Nicotine induces dendritic spine remodeling in cultured hippocampal neurons
Article first published online: 24 OCT 2013
© 2013 International Society for Neurochemistry
Journal of Neurochemistry
Volume 128, Issue 2, pages 246–255, January 2014
How to Cite
J. Neurochem. (2014) 128, 246–255.
- Issue published online: 6 JAN 2014
- Article first published online: 24 OCT 2013
- Accepted manuscript online: 1 OCT 2013 12:55AM EST
- Manuscript Accepted: 13 SEP 2013
- Manuscript Revised: 11 SEP 2013
- Manuscript Received: 20 MAY 2013
- Ministry of Education, Culture, Sports, Science and Technology, Japan
- Takeda Science Foundation
- cultured hippocampal neurons;
- dendritic spine remodeling;
- glutamatergic neurotransmission;
- synaptic plasticity;
- α4β2* nAChR
Cholinergic neurons in the CNS are involved in synaptic plasticity and cognition. Both muscarinic and nicotinic acetylcholine receptors (nAChRs) influence plasticity and cognitive function. The mechanism underlying nAChR-induced plasticity, however, has remained elusive. Here, we demonstrate morphological changes in dendritic spines following activation of α4β2* nAChRs, which are expressed on glutamatergic pre-synaptic termini of cultured hippocampal neurons. Exposure of the neurons to nicotine resulted in a lateral enlargement of spine heads. This was abolished by dihydro-β-erythroidine, an antagonist of α4β2* nAChRs, but not by α-bungarotoxin, an antagonist of α7 nAChRs. Tetanus toxin or a mixture of 2-amino-5-phosphonovaleric acid and 6-cyano-7-nitroquinoxaline-2,3-dione, antagonists of NMDA- and AMPA-type glutamate receptors, blocked the nicotine-induced spine remodeling. In addition, nicotine exerted full spine-enlarging response in the post-synaptic neuron whose β2 nAChR expression was knocked down. Finally, pre-treatment with nicotine enhanced the Ca2+-response of the neurons to glutamate. These data suggest that nicotine influences the activity of glutamatergic neurotransmission through the activation of pre-synaptic α4β2 nAChRs, resulting in the modulation of spinal architecture and responsiveness. The present findings may represent one of the cellular mechanisms underlying cholinergic tuning of brain function.

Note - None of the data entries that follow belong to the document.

Lemma psum_block_inj f k1 k2 u1 u2 :
  u1 < f k1 -> u2 < f k2 -> psum f k1 + u1 = psum f k2 + u2 -> k1 = k2.
Proof.
  intros H1 H2 E.
  destruct (Nat.lt_trichotomy k1 k2) as [L|[L|L]]; auto.
  - pose proof (psum_lt_le f k1 k2 L). lia.
  - pose proof (psum_lt_le f k2 k1 L). lia.
Qed.

Lemma lsum_plus {A} (f g : A -> nat) l :
  list_sum (map (fun x => f x + g x) l) = list_sum (map f l) + list_sum (map g l).
Proof. induction l; simpl; lia. Qed.

Lemma lsum_le {A} (f g : A -> nat) l :
  (forall x, In x l -> f x <= g x) -> list_sum (map f l) <= list_sum (map g l).
Proof.
  induction l as [|a l IH]; simpl; intros H. { lia. }
  assert (f a <= g a) by auto. assert (list_sum (map f l) <= list_sum (map g l)) by auto. lia.
Qed.

Lemma lsum_ext {A} (f g : A -> nat) l :
  (forall x, In x l -> f x = g x) -> list_sum (map f l) = list_sum (map g l).
Proof. induction l; simpl; intros H. { lia. } rewrite H by auto. rewrite IHl; auto. Qed.

Lemma lsum_mul_r {A} (f : A -> nat) c l :
  list_sum (map (fun x => f x * c) l) = list_sum (map f l) * c.
Proof. induction l; simpl; lia. Qed.

Lemma lsum_const {A} c (l : list A) : list_sum (map (fun _ => c) l) = length l * c.
Proof. induction l; simpl; lia. Qed.

Lemma lsum_app {A} (f : A -> nat) l1 l2 :
  list_sum (map f (l1 ++ l2)) = list_sum (map f l1) + list_sum (map f l2).
Proof. rewrite map_app, list_sum_app. auto. Qed.

Lemma lsum_swap {A B} (f : A -> B -> nat) l1 l2 :
  list_sum (map (fun x => list_sum (map (fun y => f x y) l2)) l1) =
  list_sum (map (fun y => list_sum (map (fun x => f x y) l1)) l2).
Proof.
  induction l1; simpl. { induction l2; simpl; lia. }
  rewrite IHl1, <- lsum_plus. reflexivity.
Qed.

Lemma lsum_flat_map {A B} (f : B -> nat) (F : A -> list B) l :
  list_sum (map f (flat_map F l)) = list_sum (map (fun x => list_sum (map f (F x))) l).
Proof. induction l; simpl. { auto. } rewrite map_app, list_sum_app, IHl. auto. Qed.

Lemma lsum_le_one {A} (f : A -> nat) l :
  (forall x, In x l -> f x <= 1) ->
  (forall x y, In x l -> In y l -> f x <> 0 -> f y <> 0 -> x = y) -> NoDup l ->
  list_sum (map f l) <= 1.
Proof.
  induction l as [|a l IH]; simpl; intros H1 H2 ND. { lia. }
  inversion ND; subst.
  destruct (Nat.eq_dec (f a) 0).
  - assert (list_sum (map f l) <= 1) by (apply IH; auto). lia.
  - assert (list_sum (map f l) = 0).
    { assert (forall x, In x l -> f x = 0).
      { intros x Hx. destruct (Nat.eq_dec (f x) 0); auto.
        exfalso. assert (x = a) by (apply H2; auto). subst; auto. }
      rewrite (lsum_ext f (fun _ => 0)) by auto. rewrite lsum_const. lia. }
    specialize (H1 a (or_introl eq_refl)). lia.
Qed.

Lemma lsum_indicator k r : k < r ->
  list_sum (map (fun k' => if k' =? k then 1 else 0) (seq 0 r)) = 1.
Proof.
  intros H. apply Nat.le_antisymm.
  - apply lsum_le_one. { intros; destruct (_ =? _); lia. }
    + intros x y _ _ Hx Hy.
      destruct (Nat.eqb_spec x k); destruct (Nat.eqb_spec y k); lia.
    + apply seq_NoDup.
  - replace (seq 0 r) with (seq 0 k ++ [k] ++ seq (S k) (r - S k)).
    + rewrite !lsum_app. simpl. rewrite Nat.eqb_refl. lia.
    + transitivity (seq 0 (k + S (r - S k))). { rewrite seq_app. reflexivity. }
      f_equal. lia.
Qed.

Lemma lsum_nonzero {A} (f : A -> nat) l :
  list_sum (map f l) <> 0 -> exists x, In x l /\ f x <> 0.
Proof.
  induction l as [|a l IH]; simpl; intros H. { lia. }
  destruct (Nat.eq_dec (f a) 0). { destruct IH as [x [Hx Hx2]]; [lia|eauto]. } eauto.
Qed.

Lemma length_flat_map_seq {A} (B : nat -> list A) r :
  length (flat_map B (seq 0 r)) = psum (fun k => length (B k)) r.
Proof. rewrite length_flat_map. reflexivity. Qed.

Lemma nth_flat_map_seq {A} (B : nat -> list A) (d : A) r k j :
  k < r -> j < length (B k) ->
  nth (psum (fun k => length (B k)) k + j) (flat_map B (seq 0 r)) d = nth j (B k) d.
Proof.
  induction r; intros Hk Hj. { lia. }
  rewrite seq_S, flat_map_app. simpl. rewrite app_nil_r.
  destruct (Nat.eq_dec k r) as [->|Hne].
  - rewrite app_nth2; rewrite length_flat_map_seq; [|lia].
    f_equal. lia.
  - rewrite app_nth1. { apply IHr; lia. }
    rewrite length_flat_map_seq.
    pose proof (psum_lt_le (fun k => length (B k)) k r). lia.
Qed.

Lemma NoDup_flat_map_seq {A} (B : nat -> list A) r :
  (forall k, k < r -> NoDup (B k)) ->
  (forall k1 k2 x, k1 < k2 -> k2 < r -> In x (B k1) -> In x (B k2) -> False) ->
  NoDup (flat_map B (seq 0 r)).
Proof.
  induction r; intros H1 H2. { constructor. }
  rewrite seq_S, flat_map_app. simpl. rewrite app_nil_r.
  apply NoDup_app.
  - apply IHr. { intros; apply H1; lia. }
    intros k1 k2 x Q1 Q2 Q3 Q4; eapply (H2 k1 k2 x); eauto; lia.
  - apply H1; lia.
  - intros x Hx Hx2. apply in_flat_map in Hx. destruct Hx as [k [Hk Hk2]]. apply in_seq in Hk.
    eapply (H2 k r x); eauto; lia.
Qed.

Activation of nicotinic acetylcholine receptors (nAChRs) in brain influences plasticity and cognition. Here, activation of α4β2* nAChRs, which are expressed on glutamatergic presynaptic termini, results in the enlargement of dendritic spines through the modulation of the glutamatergic neurotransmission. The remodeled spinal architecture might be responsible for the change in responsiveness of neural circuitry, leading to cholinergic tuning of brain function.